*Work task*
How many lines in the records below contain the word "Require"? Reply with the number alone.

*Provided data*
----------

(* (Bicomplex Schwarz inequality.) Let $M$ be a free $\mathbb{T}$-module with a finite $\mathbb{T}$-basis, $V$ its associated complex vector space, and $(\cdot,\cdot)$ a bicomplex scalar product on $M$ which is hyperbolic positive and closed on $V$. Then for all $\widehat X,\widehat Y\in M$, $$|(\widehat X,\widehat Y)|\le\big|(\widehat X,\widehat X)^{1/2}(\widehat Y,\widehat Y)^{1/2}\big|\le\sqrt2\,\|\widehat X\|\,\|\widehat Y\|.$$
   Context: Bicomplex numbers: $\mathbb{T}=\{z_1+z_2\mathbf{i_2}: z_1,z_2\in\mathbb{C}(\mathbf{i_1})\}$, $\mathbb{C}(\mathbf{i_1})=\{x+y\mathbf{i_1}: x,y\in\mathbb{R}\}$, $\mathbf{i_1}^2=\mathbf{i_2}^2=-1$, $\mathbf{i_1}\mathbf{i_2}=\mathbf{i_2}\mathbf{i_1}=\mathbf{j}$, $\mathbf{j}^2=1$ (commutative). Hyperbolic numbers $\mathbb{D}=\{x+y\mathbf{j}:x,y\in\mathbb{R}\}$. Idempotents $\mathbf{e_1}=(1+\mathbf{j})/2$, $\mathbf{e_2}=(1-\mathbf{j})/2$. For $w=z_1+z_2\mathbf{i_2}\in\mathbb{T}$, $|w|=\sqrt{|z_1|^2+|z_2|^2}$ (Euclidean norm in $\mathbb{R}^4$). Conjugation: $(z_1+z_2\mathbf{i_2})^{\dagger_3}=\overline{z_1}-\overline{z_2}\mathbf{i_2}$. $\mathbb{D}^+=\{a\mathbf{e_1}+b\mathbf{e_2}: a,b\ge 0\}$, and $(a\mathbf{e_1}+b\mathbf{e_2})^{1/2}=\sqrt a\,\mathbf{e_1}+\sqrt b\,\mathbf{e_2}$. $M$ has $\mathbb{T}$-basis $\{\widehat m_1,\dots,\widehat m_n\}$, $V=\{\sum x_l\widehat m_l: x_l\in\mathbb{C}(\mathbf{i_1})\}$; for $\widehat X=\sum x_l\widehat m_l$ with $x_l=x_{1l}\mathbf{e_1}+x_{2l}\mathbf{e_2}$, $x_{kl}\in\mathbb{C}(\mathbf{i_1})$, put $\widehat X_{\mathbf{e_k}}=\sum_l x_{kl}\widehat m_l\in V$. A bicomplex scalar product is a map $(\cdot,\cdot):M\times M\to\mathbb{T}$ with: $(\widehat X,\widehat Y_1+\widehat Y_2)=(\widehat X,\widehat Y_1)+(\widehat X,\widehat Y_2)$; $(\widehat X,\alpha\widehat Y)=\alpha(\widehat X,\widehat Y)$ for $\alpha\in\mathbb{T}$; $(\widehat X,\widehat Y)=(\widehat Y,\widehat X)^{\dagger_3}$; $(\widehat X,\widehat X)=0\iff\widehat X=0$. Hyperbolic positive: $(\widehat X,\widehat X)\in\mathbb{D}^+$ for all $\widehat X$. Closed on $V$: $(\widehat X,\widehat Y)\in\mathbb{C}(\mathbf{i_1})$ for $\widehat X,\widehat Y\in V$. For $\widehat Z\in V$, $\|\widehat Z\|=(\widehat Z,\widehat Z)^{1/2}$; for $\widehat X\in M$, $\|\widehat X\|:=\big|(\widehat X,\widehat X)^{1/2}\big|=\big((\|\widehat X_{\mathbf{e_1}}\|^2+\|\widehat X_{\mathbf{e_2}}\|^2)/2\big)^{1/2}$. *)

(* Bicomplex numbers over C(i1) := R[i], R a real closed field. *)
From HB Require Import structures.
From mathcomp Require Import all_boot all_order all_algebra.
From mathcomp Require Import complex.
Set Implicit Arguments. Unset Strict Implicit. Unset Printing Implicit Defensive.
Import Order.TTheory GRing.Theory Num.Theory.
Local Open Scope ring_scope.

Section Bicomplex.
Variable R : rcfType.
Local Notation C := (complex R).

(* w = z1 + z2 i2 is represented by the pair (z1, z2) *)
Definition bicomplex : Type := (C * C)%type.

Definition czero : C := Complex 0 0.
Definition cone : C := Complex 1 0.
Definition creal (x : R) : C := Complex x 0.
Definition cconj (z : C) : C := Complex (complex.Re z) (- complex.Im z).
Definition cnorm2 (z : C) : R := complex.Re z ^+ 2 + complex.Im z ^+ 2.

Definition bzero : bicomplex := (czero, czero).
Definition badd (w v : bicomplex) : bicomplex := (w.1 + v.1, w.2 + v.2).
(* (z1 + z2 i2)(w1 + w2 i2) = (z1 w1 - z2 w2) + (z1 w2 + z2 w1) i2 *)
Definition bmul (w v : bicomplex) : bicomplex :=
  (w.1 * v.1 - w.2 * v.2, w.1 * v.2 + w.2 * v.1).
Definition breal (x : R) : bicomplex := (creal x, czero).
(* conjugation dagger_3 : (z1 + z2 i2)^{dagger_3} = conj z1 - conj z2 i2 *)
Definition bconj3 (w : bicomplex) : bicomplex := (cconj w.1, - cconj w.2).
Definition bnorm (w : bicomplex) : R := Num.sqrt (cnorm2 w.1 + cnorm2 w.2).

(* j = i1 i2, e1 = (1+j)/2, e2 = (1-j)/2 *)
Definition bj : bicomplex := (czero, Complex 0 1).
Definition be1 : bicomplex := (Complex (1/2) 0, Complex 0 (1/2)).
Definition be2 : bicomplex := (Complex (1/2) 0, Complex 0 (-(1/2))).

Definition inDplus (w : bicomplex) : Prop :=
  exists a b : R, 0 <= a /\ 0 <= b /\
    w = badd (bmul (breal a) be1) (bmul (breal b) be2).

(* idempotent components: z1 + z2 i2 = (z1 - z2 i1) e1 + (z1 + z2 i1) e2 *)
Definition bcomp1 (w : bicomplex) : C := w.1 - Complex 0 1 * w.2.
Definition bcomp2 (w : bicomplex) : C := w.1 + Complex 0 1 * w.2.

(* hyperbolic square root: (a e1 + b e2)^{1/2} = sqrt a e1 + sqrt b e2
   (meaningful on D^+, where a = bcomp1 w, b = bcomp2 w are real) *)
Definition bsqrt (w : bicomplex) : bicomplex :=
  badd (bmul (breal (Num.sqrt (complex.Re (bcomp1 w)))) be1)
       (bmul (breal (Num.sqrt (complex.Re (bcomp2 w)))) be2).

Definition inCi1 (w : bicomplex) : Prop := w.2 = czero.

(* M: free T-module with T-basis m_1..m_n, represented by coordinates *)
Definition bmod (n : nat) : Type := 'I_n -> bicomplex.
Definition mzero n : bmod n := fun _ => bzero.
Definition madd n (X Y : bmod n) : bmod n := fun l => badd (X l) (Y l).
Definition mscale n (a : bicomplex) (X : bmod n) : bmod n := fun l => bmul a (X l).
Definition inV n (X : bmod n) : Prop := forall l, inCi1 (X l).

Definition bicomplex_scalar_product n (ip : bmod n -> bmod n -> bicomplex) : Prop :=
  [/\ (forall X Y1 Y2, ip X (madd Y1 Y2) = badd (ip X Y1) (ip X Y2)),
      (forall X Y a, ip X (mscale a Y) = bmul a (ip X Y)),
      (forall X Y, ip X Y = bconj3 (ip Y X)) &
      (forall X, ip X X = bzero <-> X = @mzero n)].

Definition hyperbolic_positive n (ip : bmod n -> bmod n -> bicomplex) : Prop :=
  forall X, inDplus (ip X X).

Definition closed_on_V n (ip : bmod n -> bmod n -> bicomplex) : Prop :=
  forall X Y, inV X -> inV Y -> inCi1 (ip X Y).

Definition mnorm n (ip : bmod n -> bmod n -> bicomplex) (X : bmod n) : R :=
  bnorm (bsqrt (ip X X)).

End Bicomplex.

From mathcomp Require Import all_boot all_order all_algebra.
From mathcomp Require Import complex ring lra.
Set Implicit Arguments. Unset Strict Implicit. Unset Printing Implicit Defensive.
Import Order.TTheory GRing.Theory Num.Theory.
Local Open Scope ring_scope.

(* Both idempotent projections w |-> w_1, w |-> w_2 of T onto C(i1) are ring
   morphisms turning dagger_3 into complex conjugation and sending D^+ to
   nonnegative reals.  Composed with the bicomplex scalar product, each gives a
   positive semidefinite hermitian form, so the classical Cauchy-Schwarz
   inequality |(X,Y)_k|^2 <= (X,X)_k (Y,Y)_k holds for k = 1, 2.  Since
   |w|^2 = (|w_1|^2 + |w_2|^2) / 2, summing the two inequalities gives the
   first bound, and p1 q1 + p2 q2 <= (p1 + p2) (q1 + q2) gives the second. *)

Section IdempotentComponents.
Variable R : rcfType.
Local Notation C := (complex R).

Lemma le_mul_of_quadratic_ge0 (p q N : R) : 0 <= N -> 0 <= q ->
  (forall s, 0 <= p - 2 * s * N + s ^+ 2 * N * q) -> N <= p * q.
Proof.
move=> N_ge0 q_ge0 quad_ge0.
have [q0|q_neq0] := eqVneq q 0.
  subst q; rewrite mulr0 leNgt; apply/negP => N_gt0.
  have := quad_ge0 ((p + 1) / (2 * N)); rewrite mulr0 addr0.
  have -> : 2 * ((p + 1) / (2 * N)) * N = p + 1.
    by field; rewrite ?pnatr_eq0 ?(gt_eqF N_gt0).
  lra.
have le_p : q^-1 * N <= p.
  have := quad_ge0 q^-1.
  have -> : q^-1 ^+ 2 * N * q = q^-1 * N by field.
  have -> : 2 * q^-1 * N = 2 * (q^-1 * N) by ring.
  lra.
by rewrite -[leLHS](mulVKf q_neq0) [p * q]mulrC ler_wpM2l.
Qed.

(* Testing the hermitian form against z = -s a^* reduces it to a real quadratic in s. *)
Lemma cnorm2_le_of_hermitian_ge0 (p q : R) (a : C) : 0 <= q ->
  (forall z : C, 0 <= complex.Re (Complex p 0 + z * a +
                                  z^*%C * (a^*%C + z * Complex q 0))) ->
  cnorm2 a <= p * q.
Proof.
case: a => ar ai q_ge0 herm_ge0; rewrite /cnorm2 /=.
apply: le_mul_of_quadratic_ge0 => //; first by nra.
move=> s; move: (herm_ge0 (Complex (- s * ar) (s * ai))); simpc; rewrite /=.
by congr (_ <= _); ring.
Qed.

Lemma schwarz_sum_bounds (a1 a2 p1 p2 q1 q2 : R) :
    0 <= p1 -> 0 <= p2 -> 0 <= q1 -> 0 <= q2 ->
    a1 <= p1 * q1 -> a2 <= p2 * q2 ->
  Num.sqrt ((a1 + a2) / 2) <= Num.sqrt ((p1 * q1 + p2 * q2) / 2) /\
  Num.sqrt ((p1 * q1 + p2 * q2) / 2)
    <= Num.sqrt 2 * Num.sqrt ((p1 + p2) / 2) * Num.sqrt ((q1 + q2) / 2).
Proof.
move=> p1_ge0 p2_ge0 q1_ge0 q2_ge0 a1_le a2_le; split.
  by rewrite ler_sqrt; [lra | nra].
by rewrite -!sqrtrM ?ler_sqrt; [nra | nra | lra | lra].
Qed.

Ltac complex_ring := apply/eqP; rewrite eq_complex /=; apply/andP; split; apply/eqP; ring.
Ltac bicomplex_cases := repeat match goal with
  | u : bicomplex R |- _ => case: u => [[? ?] [? ?]]
  | z : C |- _ => case: z => ? ?
  end.

Lemma bconj3D (u v : bicomplex R) : bconj3 (badd u v) = badd (bconj3 u) (bconj3 v).
Proof. bicomplex_cases; rewrite /bconj3 /badd /cconj /=; congr pair; complex_ring. Qed.

Lemma bconj3M (u v : bicomplex R) : bconj3 (bmul u v) = bmul (bconj3 u) (bconj3 v).
Proof. bicomplex_cases; rewrite /bconj3 /bmul /cconj /=; congr pair; simpc; complex_ring. Qed.

Definition idempotent_component (c : bicomplex R -> C) : Prop :=
  [/\ (forall u v, c (badd u v) = c u + c v),
      (forall u v, c (bmul u v) = c u * c v),
      (forall u, c (bconj3 u) = (c u)^*%C),
      (forall z, c (z, czero R) = z) &
      (forall w, inDplus w -> complex.Im (c w) = 0 /\ 0 <= complex.Re (c w))].

Lemma bcomp1_idempotent_component : idempotent_component (@bcomp1 R).
Proof.
split=> [u v|u v|u|z|w [a [b [a_ge0 [b_ge0 ->]]]]]; bicomplex_cases;
  rewrite /bcomp1 /badd /bmul /bconj3 /cconj /breal /be1 /be2 /creal /czero /=;
  simpc; try complex_ring.
by split; [|lra].
Qed.

Lemma bcomp2_idempotent_component : idempotent_component (@bcomp2 R).
Proof.
split=> [u v|u v|u|z|w [a [b [a_ge0 [b_ge0 ->]]]]]; bicomplex_cases;
  rewrite /bcomp2 /badd /bmul /bconj3 /cconj /breal /be1 /be2 /creal /czero /=;
  simpc; try complex_ring.
by split; [|lra].
Qed.

Lemma cnorm2M (z w : C) : cnorm2 (z * w) = cnorm2 z * cnorm2 w.
Proof. case: z => a b; case: w => c d; rewrite /cnorm2; simpc; rewrite /=; ring. Qed.

Lemma cnorm2_sqrt (x : R) : 0 <= x -> cnorm2 (Complex (Num.sqrt x) 0) = x.
Proof. by move=> x_ge0; rewrite /cnorm2 /= sqr_sqrtr // expr0n addr0. Qed.

Lemma bnorm_idempotent (w : bicomplex R) :
  bnorm w = Num.sqrt ((cnorm2 (bcomp1 w) + cnorm2 (bcomp2 w)) / 2).
Proof.
case: w => [[a b] [c d]]; rewrite /bnorm /cnorm2 /bcomp1 /bcomp2 /=; simpc.
by congr Num.sqrt; field; rewrite ?pnatr_eq0.
Qed.

Lemma bcomp1_bsqrt (w : bicomplex R) :
  bcomp1 (bsqrt w) = Complex (Num.sqrt (complex.Re (bcomp1 w))) 0.
Proof.
rewrite /bsqrt; set a := Num.sqrt _; set b := Num.sqrt _.
rewrite /bcomp1 /badd /bmul /breal /be1 /be2 /creal /czero /=; simpc.
by apply/eqP; rewrite eq_complex /=; apply/andP; split; apply/eqP; field; rewrite ?pnatr_eq0.
Qed.

Lemma bcomp2_bsqrt (w : bicomplex R) :
  bcomp2 (bsqrt w) = Complex (Num.sqrt (complex.Re (bcomp2 w))) 0.
Proof.
rewrite /bsqrt; set a := Num.sqrt _; set b := Num.sqrt _.
rewrite /bcomp2 /badd /bmul /breal /be1 /be2 /creal /czero /=; simpc.
by apply/eqP; rewrite eq_complex /=; apply/andP; split; apply/eqP; field; rewrite ?pnatr_eq0.
Qed.

Lemma Re_bcomp1_ge0 (u : bicomplex R) : inDplus u -> 0 <= complex.Re (bcomp1 u).
Proof. by have [_ _ _ _ cP] := bcomp1_idempotent_component; case/cP. Qed.

Lemma Re_bcomp2_ge0 (u : bicomplex R) : inDplus u -> 0 <= complex.Re (bcomp2 u).
Proof. by have [_ _ _ _ cP] := bcomp2_idempotent_component; case/cP. Qed.

Lemma bnorm_bsqrt (u : bicomplex R) : inDplus u ->
  bnorm (bsqrt u) =
  Num.sqrt ((complex.Re (bcomp1 u) + complex.Re (bcomp2 u)) / 2).
Proof.
move=> u_pos.
by rewrite bnorm_idempotent bcomp1_bsqrt bcomp2_bsqrt !cnorm2_sqrt
  ?Re_bcomp1_ge0 ?Re_bcomp2_ge0.
Qed.

Lemma bnorm_bmul_bsqrt (u v : bicomplex R) : inDplus u -> inDplus v ->
  bnorm (bmul (bsqrt u) (bsqrt v)) =
  Num.sqrt ((complex.Re (bcomp1 u) * complex.Re (bcomp1 v) +
             complex.Re (bcomp2 u) * complex.Re (bcomp2 v)) / 2).
Proof.
move=> u_pos v_pos.
have [_ c1M _ _ _] := bcomp1_idempotent_component.
have [_ c2M _ _ _] := bcomp2_idempotent_component.
by rewrite bnorm_idempotent c1M c2M !cnorm2M !bcomp1_bsqrt !bcomp2_bsqrt
  !cnorm2_sqrt ?Re_bcomp1_ge0 ?Re_bcomp2_ge0.
Qed.

End IdempotentComponents.

Section ScalarProduct.
Variables (R : rcfType) (n : nat) (ip : bmod R n -> bmod R n -> bicomplex R).
Hypothesis ip_scalar_product : bicomplex_scalar_product ip.

Lemma ipDl U V W : ip (madd U V) W = badd (ip U W) (ip V W).
Proof. by case: ip_scalar_product => ipD _ ipC _; rewrite ipC ipD bconj3D -!ipC. Qed.

Lemma ipZl a U W : ip (mscale a U) W = bmul (bconj3 a) (ip U W).
Proof. by case: ip_scalar_product => _ ipZ ipC _; rewrite ipC ipZ bconj3M -!ipC. Qed.

Lemma ip_expand_self X Y t : ip (madd X (mscale t Y)) (madd X (mscale t Y)) =
  badd (badd (ip X X) (bmul t (ip X Y)))
       (bmul (bconj3 t) (badd (bconj3 (ip X Y)) (bmul t (ip Y Y)))).
Proof.
case: ip_scalar_product => ipD ipZ ipC _.
by rewrite ipDl ipZl !ipD !ipZ (ipC Y X).
Qed.

Hypothesis ip_hyperbolic_positive : hyperbolic_positive ip.

Lemma idempotent_component_schwarz (c : bicomplex R -> R[i]) :
  idempotent_component c -> forall X Y,
  cnorm2 (c (ip X Y)) <= complex.Re (c (ip X X)) * complex.Re (c (ip Y Y)).
Proof.
case=> cD cM cJ cC cP X Y.
have [[imX _] [imY Y_ge0]] := (cP _ (ip_hyperbolic_positive X),
                               cP _ (ip_hyperbolic_positive Y)).
apply: cnorm2_le_of_hermitian_ge0 => // z.
have [_] := cP _ (ip_hyperbolic_positive (madd X (mscale (z, czero R) Y))).
rewrite ip_expand_self !(cD, cM, cJ, cC).
by case: (c (ip X X)) imX => ? ? /= ->; case: (c (ip Y Y)) imY => ? ? /= ->.
Qed.

End ScalarProduct.

Theorem mainTheorem11 (R : rcfType) (n : nat)
    (ip : bmod R n -> bmod R n -> bicomplex R)
    (Hsp : bicomplex_scalar_product ip)
    (Hpos : hyperbolic_positive ip)
    (Hclosed : closed_on_V ip) :
  forall X Y : bmod R n,
    bnorm (ip X Y) <= bnorm (bmul (bsqrt (ip X X)) (bsqrt (ip Y Y))) /\
    bnorm (bmul (bsqrt (ip X X)) (bsqrt (ip Y Y)))
      <= Num.sqrt 2 * mnorm ip X * mnorm ip Y.
Proof.
move=> X Y; have [X_pos Y_pos] := (Hpos X, Hpos Y).
rewrite /mnorm !bnorm_bsqrt // bnorm_bmul_bsqrt // bnorm_idempotent.
apply: schwarz_sum_bounds; rewrite ?Re_bcomp1_ge0 ?Re_bcomp2_ge0 //.
- exact: idempotent_component_schwarz Hsp Hpos _ (bcomp1_idempotent_component R) X Y.
- exact: idempotent_component_schwarz Hsp Hpos _ (bcomp2_idempotent_component R) X Y.
Qed.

----------

*Task response*
5